What percentage of the p-values is smaller than \(0.05\)?

R

mean(p_vals<0.05, na.rm=TRUE)

OUTPUT

[1] 0.004515805

We can also make a histogram of all the p-values in the simulation:

R

data.frame(p_vals) %>% 
  ggplot(aes(x=p_vals))+
  geom_histogram()

In theory, the histogram should show a uniform distribution (the probability of getting a p-value \(<0.05\) is \(5\%\), the probability of getting a p-value \(<0.1\) is \(10\%\), and so on…). But here, instead, the p-values are discrete: They can only take certain values, because there’s only a limited number of options how 25 observations can fall into two categories (dogs/cats).

Since for small counts, the chances to get a p-value \(p<0.05\) are actually below 5% – and this holds also for other values of \(p\) which are not exactly \(0.05\) – we say that the Fisher test is conservative. It means that interpreting the discrete hypergeometric probabilities as continuous p-values will lead us to overestimated p-values. This also holds true when the null hypothesis is actually false, so we’re reducing our chances to run a significant test, even if there’s something to detect.

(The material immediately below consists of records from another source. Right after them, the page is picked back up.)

Theorem lemma2 (b : word) :
  ~ (exists n : int, braid_eq b (Delta_pow n)) ->
  exists j k b1 l,
    [/\ nf_data j k b1 l, braid_eq b (nf_word j k b1 l) &
      forall j' k' b1' l', nf_data j' k' b1' l' ->
        braid_eq b (nf_word j' k' b1' l') ->
        (j', k', b1', l') = (j, k, b1, l)].
Proof.
move=> not_Delta_pow; have := nf_ofE b; have := nf_of_valid b.
case E: (nf_of b) => [l|j k b1 l] valid_b b_eq.
  by case: not_Delta_pow; exists l.
exists j, k, b1, l; split=> // j' k' b1' l' valid' b_eq'.
have := nf_of_braid_eq b_eq'; rewrite E (nf_of_eval (Nf j' k' b1' l')) //.
by case=> -> -> -> ->.
Qed.
Lemma islinD u v : g (u + v) = g u + g v.
Proof. by rewrite -{1}(scale1r u) g_lin scale1r. Qed.

Lemma islin0 : g 0 = 0.
Proof. by apply: (addrI (g 0)); rewrite -islinD !addr0. Qed.

Lemma islinN u : g (- u) = - g u.
Proof. by apply/eqP; rewrite -addr_eq0 -islinD addrC subrr islin0. Qed.

End LinearMaps.

Lemma big_ord_ends {V : zmodType} {n : nat} (g : nat -> V) : (0 < n)%N ->
  (forall i, (0 < i < n)%N -> g i = 0) -> \sum_(i < n.+1) g i = g 0%N + g n.
Proof.
case: n => // n _ g_mid.
rewrite big_ord_recl big_ord_recr /= big1 ?add0r // => i _.
by apply: g_mid; rewrite /bump /= ltnS ltn_ord.
Qed.

Section LeadingCoefficient.
Context {K : fieldType} {n : nat}.
Hypothesis n_gt0 : (0 < n)%N.

Lemma zinbiel_series_leading_cocycle {V : lmodType K} {M : nat -> V -> V -> V} :
  (forall x, islin (M 0%N x)) -> (forall x, islin (M n x)) ->
  (forall i, (0 < i < n)%N -> M i = (fun _ _ => 0)) ->
  zinbiel_series M -> d2 (M 0%N) (M 0%N) (M 0%N) (M n) = (fun _ _ _ => 0).
Proof.
move=> M0_lin Mn_lin M_gap M_zinb.
apply: functional_extensionality => x; apply: functional_extensionality => y.
apply: functional_extensionality => z.
have := M_zinb n x y z.
rewrite (big_ord_ends (fun i => M i (M (n - i)%N x y) z)) => [||i /M_gap ->] //.
rewrite (big_ord_ends (fun i => M i x (M (n - i)%N y z) + M i x (M (n - i)%N z y)))
  => [||i /M_gap ->] //; last by rewrite addr0.
rewrite subn0 subnn /d2 (islinD (M0_lin x)) (islinD (Mn_lin x)) => coef_n.
by apply/eqP; rewrite subr_eq0 addrAC subr_eq coef_n.
Qed.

For a more detailed explanation, see An introduction to Categorical Data Analysis by Alan Agresti.

Now what?


The Fisher test is conservative, especially for low counts. The \(\chi^2\)-test doesn’t have this problem, but at the same time should not be applied to tables with low counts, because it might produce false positives (see the rule of thumb). So what should we do? There is not one commonly accepted answer to this. Some suggestions are:

  • Use Fisher’s exact test and accept that it can be conservative. In the end, low counts indicate a small amount of evidence anyways, and you might need to collect more data to detect or confirm an effect.
  • In Agresti’s book, you’ll find mid p-values and similar methods that aim at correcting the p-value for its discreteness.
  • You can use the \(\chi^2\)-test in conjunction with Yates continuity correction. It applies a correction on the \(\chi^2\) statistic for tables with low expected counts to avoid underestimating the p-value. This method is not perfect either, and can lead to over-correcting.

The important part is that you don’t choose the method based on the p-value it produces for your specific data set. The worst thing you can do is try 3 different methods, choose the one with the lowest p-value and report this one. This is a form of p-value hacking called method hacking and increases your chances to produce false positive results. If your test comes out significant in only one of the tests you tried, be honest and report all of them, or otherwise investigate further, for example by collecting more data.